On uniqueness of end sums and 1-handles at infinity

TL;DR

This paper investigates the conditions under which the operation of end summing in noncompact manifolds is unique, revealing cases of nonuniqueness and establishing criteria for when uniqueness holds, with applications to 4-manifold smoothings.

Contribution

It identifies when end sum uniqueness fails and proves conditions for its validity, extending to handle slides and cancellations at infinity.

Findings

Nonuniqueness occurs with complicated fundamental group behavior at infinity.

Uniqueness holds for Mittag-Leffler ends.

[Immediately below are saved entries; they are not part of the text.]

(* Let $(G,\ell)$ be a complete edge-colored permutation graph, where $G=(V,E_1,\dots,E_k)$. Then $G$ does not contain a rainbow triangle, and for each $i\in\{1,\dots,k\}$ the monochromatic subgraph $G_{|i}$ together with $\ell$ is a simple permutation graph.
   Context: A complete $k$-edge-colored graph $G=(V,E_1,\dots,E_k)$ is the complete graph on a finite set $V$ with edges partitioned into $k$ nonempty color classes $E_i$; $G_{|i}=(V,E_i)$. A labeling is a bijection $\ell:V\to\{1,\dots,|V|\}$. A graph $(V,E)$ with labeling $\ell$ is a simple permutation graph of a permutation $\pi$ if for all $u,v$ with $\ell(u)>\ell(v)$: $\{u,v\}\in E$ iff $\pi^{-1}(\ell(u))<\pi^{-1}(\ell(v))$. $(G,\ell)$ is a complete edge-colored permutation graph if there exist permutations $\pi_1,\dots,\pi_k$ with $(G_{|i},\ell)$ a simple permutation graph of $\pi_i$ for all $i$. A rainbow triangle is a set of three vertices whose three edges have pairwise distinct colors. *)

From mathcomp Require Import all_boot all_order all_fingroup.
Set Implicit Arguments. Unset Strict Implicit. Unset Printing Implicit Defensive.

(* A complete k-edge-colored graph on a finite vertex type V is given by a
   colouring c : V -> V -> 'I_k of the (unordered) pairs of distinct vertices:
   c must be symmetric and every colour class must be nonempty.  Values of
   c x x are irrelevant. *)
Definition complete_colored (V : finType) (k : nat) (c : V -> V -> 'I_k) : Prop :=
  (forall u v, c u v = c v u) /\
  (forall i : 'I_k, exists u v, u != v /\ c u v = i).

Definition mono (V : finType) (k : nat) (c : V -> V -> 'I_k) (i : 'I_k) : rel V :=
  fun u v => (u != v) && (c u v == i).

(* Labeling: bijection V -> {1..|V|}, encoded 0-based as V -> 'I_#|V|. *)
Definition labeling (V : finType) (l : V -> 'I_#|V|) : Prop := bijective l.

Definition simple_perm_graph_of (V : finType) (E : rel V) (l : V -> 'I_#|V|)
  (pi : {perm 'I_#|V|}) : Prop :=
  forall u v, (l v < l u)%N ->
    (E u v <-> (pi^-1%g (l u) < pi^-1%g (l v))%N).

Definition simple_perm_graph (V : finType) (E : rel V) (l : V -> 'I_#|V|) : Prop :=
  exists pi : {perm 'I_#|V|}, simple_perm_graph_of E l pi.

Definition colored_perm_graph (V : finType) (k : nat) (c : V -> V -> 'I_k)
  (l : V -> 'I_#|V|) : Prop :=
  exists pis : 'I_k -> {perm 'I_#|V|},
    forall i : 'I_k, simple_perm_graph_of (mono c i) l (pis i).

Definition rainbow_triangle (V : finType) (k : nat) (c : V -> V -> 'I_k)
  (x y z : V) : Prop :=
  [/\ x != y, y != z, x != z &
      [/\ c x y != c y z, c x y != c x z & c y z != c x z]].

From mathcomp Require Import all_boot all_order all_fingroup.

Set Implicit Arguments.
Unset Strict Implicit.
Unset Printing Implicit Defensive.

(* The edges of a simple permutation graph are the pairs whose order under the
   labelling is inverted by pi^-1.  If the pair l u < l w is inverted, then for
   every l v in between one of the pairs (u, v), (v, w) is inverted as well,
   since otherwise pi^-1 would be nondecreasing along u, v, w.  Applied to the
   colour class of the edge uw, this says that uw has the colour of uv or of vw,
   so no triangle is rainbow. *)

Lemma perm_graph_edge_between (V : finType) (E : rel V) (l : V -> 'I_#|V|)
    (pi : {perm 'I_#|V|}) (u v w : V) :
  simple_perm_graph_of E l pi -> (l u < l v)%N -> (l v < l w)%N ->
  E w u -> E v u \/ E w v.
Proof.
move=> Epi luv lvw /(Epi _ _ (ltn_trans luv lvw)) inv_uw.
case: (ltnP (pi^-1%g (l v)) (pi^-1%g (l u))) => [inv_uv | le_uv].
  by left; apply/(Epi _ _ luv).
by right; apply/(Epi _ _ lvw); apply: leq_trans inv_uw le_uv.
Qed.

Section ColoredPermGraph.

Variables (V : finType) (k : nat) (c : V -> V -> 'I_k) (l : V -> 'I_#|V|).
Hypothesis c_sym : forall u v, c u v = c v u.

Lemma rainbow_triangle_swap12 x y z :
  rainbow_triangle c x y z -> rainbow_triangle c y x z.
Proof.
case=> ? ? ? [? ? ?].
rewrite /rainbow_triangle (c_sym y x).
by do !split; by [|rewrite eq_sym].
Qed.

Lemma rainbow_triangle_swap23 x y z :
  rainbow_triangle c x y z -> rainbow_triangle c x z y.
Proof.
case=> ? ? ? [? ? ?].
rewrite /rainbow_triangle (c_sym z y).
by do !split; by [|rewrite eq_sym].
Qed.

Hypothesis c_perm : colored_perm_graph c l.

Lemma colored_perm_graph_color_between u v w :
  (l u < l v)%N -> (l v < l w)%N -> c u w = c u v \/ c u w = c v w.
Proof.
move=> luv lvw; have [pis Hpis] := c_perm.
have wu : w != u.
  by apply: contraTneq (ltn_trans luv lvw) => ->; rewrite ltnn.
have := perm_graph_edge_between (Hpis (c u w)) luv lvw.
rewrite /mono wu (c_sym w u) eqxx => /(_ isT).
case=> /andP[_ /eqP <-]; [left; exact: c_sym | right; exact: c_sym].
Qed.

Lemma sorted_triangle_not_rainbow u v w :
  (l u < l v)%N -> (l v < l w)%N -> ~ rainbow_triangle c u v w.
Proof.
move=> luv lvw [_ _ _ [_ cuv_uw cvw_uw]].
by case: (colored_perm_graph_color_between luv lvw) => cuw;
  [move: cuv_uw | move: cvw_uw]; rewrite cuw eqxx.
Qed.

Hypothesis l_inj : injective l.

Lemma no_rainbow_triangle x y z : ~ rainbow_triangle c x y z.
Proof.
wlog lxy : x y z / (l x < l y)%N.
  move=> hw R; have [xy _ _ _] := R.
  case: (ltngtP (l x) (l y)) => [lxy | lyx | /val_inj/l_inj exy].
  - exact: hw lxy R.
  - exact: hw lyx (rainbow_triangle_swap12 R).
  - by rewrite exy eqxx in xy.
move=> R; have [_ yz xz _] := R.
case: (ltngtP (l y) (l z)) => [lyz | lzy | /val_inj/l_inj eyz].
- exact: sorted_triangle_not_rainbow lxy lyz R.
- case: (ltngtP (l x) (l z)) => [lxz | lzx | /val_inj/l_inj exz].
  + exact: sorted_triangle_not_rainbow lxz lzy (rainbow_triangle_swap23 R).
  + apply: sorted_triangle_not_rainbow lzx lxy _.
    exact: rainbow_triangle_swap12 (rainbow_triangle_swap23 R).
  + by rewrite exz eqxx in xz.
- by rewrite eyz eqxx in yz.
Qed.

End ColoredPermGraph.

Theorem proposition4p13 (V : finType) (k : nat) (c : V -> V -> 'I_k)
  (l : V -> 'I_#|V|) :
  complete_colored c -> labeling l -> colored_perm_graph c l ->
  (forall x y z : V, ~ rainbow_triangle c x y z) /\
  (forall i : 'I_k, simple_perm_graph (mono c i) l).
Proof.
move=> [c_sym _] /bij_inj l_inj c_perm; split.
  exact: no_rainbow_triangle c_sym c_perm l_inj.
by case: c_perm => pis Hpis i; exists (pis i).
Qed.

Applications include analyzing smoothings of noncompact 4-manifolds.

Abstract

For oriented manifolds of dimension at least 4 that are simply connected at infinity, it is known that end summing is a uniquely defined operation. Calcut and Haggerty showed that more complicated fundamental group behavior at infinity can lead to nonuniqueness. The present paper examines how and when uniqueness fails. Examples are given, in the categories TOP, PL and DIFF, of nonuniqueness that cannot be detected in a weaker category (including the homotopy category). In contrast, uniqueness is proved for Mittag-Leffler ends, and generalized to allow slides and cancellation of (possibly infinite) collections of 0- and 1-handles at infinity. Various applications are presented, including an analysis of how the monoid of smooth manifolds homeomorphic to R^4 acts on the smoothings of any noncompact 4-manifold.